*** Exercise input ***

(* $D(19,\{3,4\})\ge 33$; equivalently, every $\{K_3,K_4\}$-decomposition of $K_{19}$ has $\alpha\ge 9$.
   Context: A $\{K_3,K_4\}$-decomposition of $K_v$ is a collection of subgraphs, each isomorphic to $K_3$ or $K_4$, such that every edge of $K_v$ lies in exactly one of them. $\alpha$ and $\beta$ denote the numbers of copies of $K_3$ and $K_4$ in the decomposition (so $3\alpha+6\beta=\binom{v}{2}$). $D(v,\{3,4\})$ is the minimum of $\alpha+\beta$ over all such decompositions of $K_v$. *)

From mathcomp Require Import all_boot.
Set Implicit Arguments. Unset Strict Implicit. Unset Printing Implicit Defensive.

(* Each block (copy of K3 or
   K4, a complete subgraph) is given by its vertex set, of size 3 or 4.
   The list may a priori repeat blocks; every edge {x,y} of K_v must lie in
   exactly one block of the list (counted with multiplicity). *)
Definition is_K34_decomp (v : nat) (s : seq {set 'I_v}) : Prop :=
  (forall B, B \in s -> (#|B| == 3) || (#|B| == 4)) /\
  (forall x y : 'I_v, x != y -> count (fun B : {set 'I_v} => (x \in B) && (y \in B)) s = 1).

Definition alpha (v : nat) (s : seq {set 'I_v}) : nat := count (fun B : {set 'I_v} => #|B| == 3) s.
Definition beta (v : nat) (s : seq {set 'I_v}) : nat := count (fun B : {set 'I_v} => #|B| == 4) s.

From mathcomp Require Import all_boot zify.

Set Implicit Arguments.

(* Counting the 18 edges at a vertex x gives 2 t_x + 3 b_x = 18, where t_x and
   b_x are the numbers of triangles and of K4's through x; summing over x,
   alpha + 2 beta = 57.  So alpha + beta <= 32 would force 1 <= alpha <= 7.
   Let W be the set of vertices lying on a triangle.  For x in W, 3 divides
   t_x, so t_x >= 3, and the triangles at x cover 2 t_x >= 6 edges from x into
   W; hence |W| >= 7, while 3 |W| <= sum_W t_x = 3 alpha <= 21.  Thus |W| = 7
   and the triangles at each x in W use up all edges from x into W, so no K4
   meets W twice.  Counting K4's through W then gives
   beta >= sum_W b_x = 42 - 2 alpha, which with alpha + 2 beta = 57 forces
   alpha >= 9, a contradiction. *)

Definition block_deg (k : nat) {v : nat} (s : seq {set 'I_v}) (x : 'I_v) : nat :=
  count (fun B : {set 'I_v} => (x \in B) && (#|B| == k)) s.

Definition tri_vertices {v : nat} (s : seq {set 'I_v}) : {set 'I_v} :=
  [set x | 0 < block_deg 3 s x].

Section Decomposition.

Variables (v : nat) (s : seq {set 'I_v}).

Local Notation W := (tri_vertices s).

Lemma sum_const_count (P : pred {set 'I_v}) (c : nat) :
  \sum_(B <- s | P B) c = c * count P s.
Proof. by rewrite big_const_seq iter_addn_0. Qed.

Lemma sum_count_incident (P : pred {set 'I_v}) (A : {set 'I_v}) :
  \sum_(x in A) count (fun B : {set 'I_v} => (x \in B) && P B) s =
  \sum_(B <- s | P B) #|B :&: A|.
Proof.
under eq_bigr do rewrite -sum1_count.
rewrite (exchange_big_dep P) => [|x B _ /andP[]//] /=.
apply: eq_bigr => B PB; rewrite -sum1_card; apply: eq_bigl => x.
by rewrite !inE PB andbT andbC.
Qed.

Lemma sum_block_deg (k : nat) :
  \sum_(x in [set: 'I_v]) block_deg k s x =
  k * count (fun B : {set 'I_v} => #|B| == k) s.
Proof.
rewrite sum_count_incident -sum_const_count big_seq_cond [RHS]big_seq_cond.
by apply: eq_bigr => B /andP[_ /eqP <-]; rewrite setIT.
Qed.

Lemma sum_tri_deg_tri_vertices : \sum_(x in W) block_deg 3 s x = 3 * alpha s.
Proof.
rewrite -sum_block_deg big_mkcond [RHS]big_mkcond; apply: eq_bigr => x _.
by rewrite in_setT inE lt0n; case: eqP.
Qed.

Lemma tri_sub_tri_vertices (B : {set 'I_v}) :
  B \in s -> #|B| == 3 -> B \subset W.
Proof.
move=> Bs B3; apply/subsetP => x xB; rewrite inE -has_count.
by apply/hasP; exists B; rewrite ?xB.
Qed.

Lemma tri_vertices_nonempty : 0 < alpha s -> exists x, x \in W.
Proof.
rewrite /alpha -has_count => /hasP[B Bs B3].
have [x xB] : exists x, x \in B by apply/set0Pn; rewrite -card_gt0 (eqP B3).
by exists x; apply: subsetP xB; apply: tri_sub_tri_vertices.
Qed.

Hypothesis decomp : is_K34_decomp s.

Lemma card_link (x : 'I_v) (A : {set 'I_v}) :
  #|A :\ x| = \sum_(B <- s | x \in B) #|B :&: (A :\ x)|.
Proof.
have [_ edge_once] := decomp.
rewrite -sum1_card -sum_count_incident; apply: eq_bigr => y.
by rewrite in_setD1 => /andP[yx _]; rewrite edge_once.
Qed.

Lemma big_K34_split (P : pred {set 'I_v}) (F : {set 'I_v} -> nat) :
  \sum_(B <- s | P B) F B =
  \sum_(B <- s | P B && (#|B| == 3)) F B + \sum_(B <- s | P B && (#|B| == 4)) F B.
Proof.
rewrite (bigID (fun B : {set 'I_v} => #|B| == 3)) /=; congr (_ + _).
rewrite big_seq_cond [RHS]big_seq_cond; apply: eq_bigl => B.
have [size34 _] := decomp.
case Bs: (B \in s) => //=.
by case/orP: (size34 B Bs) => /eqP ->; rewrite ?andbF ?andbT.
Qed.

Lemma block_deg_identity (x : 'I_v) :
  2 * block_deg 3 s x + 3 * block_deg 4 s x = v.-1.
Proof.
have cardT : #|[set: 'I_v] :\ x| = v.-1.
  by rewrite setTD cardsC1 card_ord.
rewrite -cardT card_link big_K34_split /block_deg -!sum_const_count.
have link_size k (B : {set 'I_v}) : x \in B -> #|B| = k -> #|B :&: ([set: 'I_v] :\ x)| = k.-1.
  by move=> xB <-; rewrite setIDA setIT (cardsD1 x B) xB.
by congr (_ + _); apply: eq_bigr => B /andP[xB /eqP/link_size->].
Qed.

Lemma sum_block_deg_identity (A : {set 'I_v}) :
  2 * \sum_(x in A) block_deg 3 s x + 3 * \sum_(x in A) block_deg 4 s x =
  #|A| * v.-1.
Proof.
rewrite !big_distrr -big_split /= -sum_nat_const.
by apply: eq_bigr => x _; apply: block_deg_identity.
Qed.

Lemma alpha_beta_count : 6 * alpha s + 12 * beta s = v * v.-1.
Proof.
have := sum_block_deg_identity [set: 'I_v].
by rewrite !sum_block_deg cardsT card_ord !mulnA.
Qed.

Lemma card_tri_vertices_link (x : 'I_v) :
  #|W :\ x| =
  2 * block_deg 3 s x + \sum_(B <- s | (x \in B) && (#|B| == 4)) #|B :&: (W :\ x)|.
Proof.
rewrite card_link big_K34_split /block_deg -sum_const_count; congr (_ + _).
rewrite big_seq_cond [RHS]big_seq_cond; apply: eq_bigr => B /and3P[Bs xB B3].
rewrite setIDA (setIidPl (tri_sub_tri_vertices B Bs B3)).
by move: B3; rewrite (cardsD1 x B) xB add1n eqSS => /eqP.
Qed.

Lemma block_deg3_ge3 (x : 'I_v) : 3 %| v.-1 -> x \in W -> 3 <= block_deg 3 s x.
Proof. by rewrite inE -(block_deg_identity x) => ? ?; lia. Qed.

Lemma double_block_deg3_lt_card (x : 'I_v) : x \in W -> 2 * block_deg 3 s x < #|W|.
Proof. by move=> xW; rewrite (cardsD1 x W) xW card_tri_vertices_link; lia. Qed.

Section SaturatedTriangles.

Hypothesis saturated : forall x, x \in W -> #|W| <= (2 * block_deg 3 s x).+1.

Lemma card_K4_meet_tri_vertices_le1 (B : {set 'I_v}) :
  B \in s -> #|B| == 4 -> #|B :&: W| <= 1.
Proof.
move=> Bs B4; rewrite leqNgt; apply/negP => two.
have [x xBW] : exists x, x \in B :&: W by apply/set0Pn; rewrite -card_gt0; lia.
have meet_again : 0 < #|B :&: (W :\ x)|.
  by move: two; rewrite setIDA (cardsD1 x (B :&: W)) xBW; lia.
move: xBW; rewrite inE => /andP[xB xW].
have := saturated xW; rewrite (cardsD1 x W) xW card_tri_vertices_link.
rewrite (big_rem B Bs) /= xB B4 /=.
(* [set] makes lia see the two (differently elaborated) occurrences of this
   cardinal as a single atom. *)
by move: meet_again; set c := #|B :&: (W :\ x)|; lia.
Qed.

Lemma sum_block_deg4_tri_vertices_le : \sum_(x in W) block_deg 4 s x <= beta s.
Proof.
rewrite sum_count_incident /beta -sum1_count big_seq_cond [leqRHS]big_seq_cond.
by apply: leq_sum => B /andP[Bs B4]; apply: card_K4_meet_tri_vertices_le1.
Qed.

End SaturatedTriangles.

End Decomposition.

Theorem mainTheorem19 (s : seq {set 'I_19}) :
  is_K34_decomp s -> 33 <= alpha s + beta s.
Proof.
move=> decomp; rewrite leqNgt; apply/negP => small.
have count_eq := alpha_beta_count decomp.
have sum3 := sum_tri_deg_tri_vertices s.
have deg3 x : x \in tri_vertices s -> 3 <= block_deg 3 s x := block_deg3_ge3 decomp isT.
have [x0 x0W] : exists x, x \in tri_vertices s by apply: tri_vertices_nonempty; lia.
have W7 : #|tri_vertices s| = 7.
  have : 3 * #|tri_vertices s| <= \sum_(x in tri_vertices s) block_deg 3 s x.
    by rewrite mulnC -sum_nat_const; apply: leq_sum => x /deg3.
  have := double_block_deg3_lt_card decomp x0W; have := deg3 x0 x0W.
  by rewrite sum3; lia.
have sum4 : \sum_(x in tri_vertices s) block_deg 4 s x <= beta s.
  by apply: (sum_block_deg4_tri_vertices_le decomp) => x /deg3; rewrite W7; lia.
have := sum_block_deg_identity decomp (tri_vertices s).
by rewrite sum3 W7; lia.
Qed.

*** End of Exercise input ***

▸ Exercise instructions
Every line of the data that includes the word "Import" should be copied.

▸ Task output
From mathcomp Require Import all_boot.
From mathcomp Require Import all_boot zify.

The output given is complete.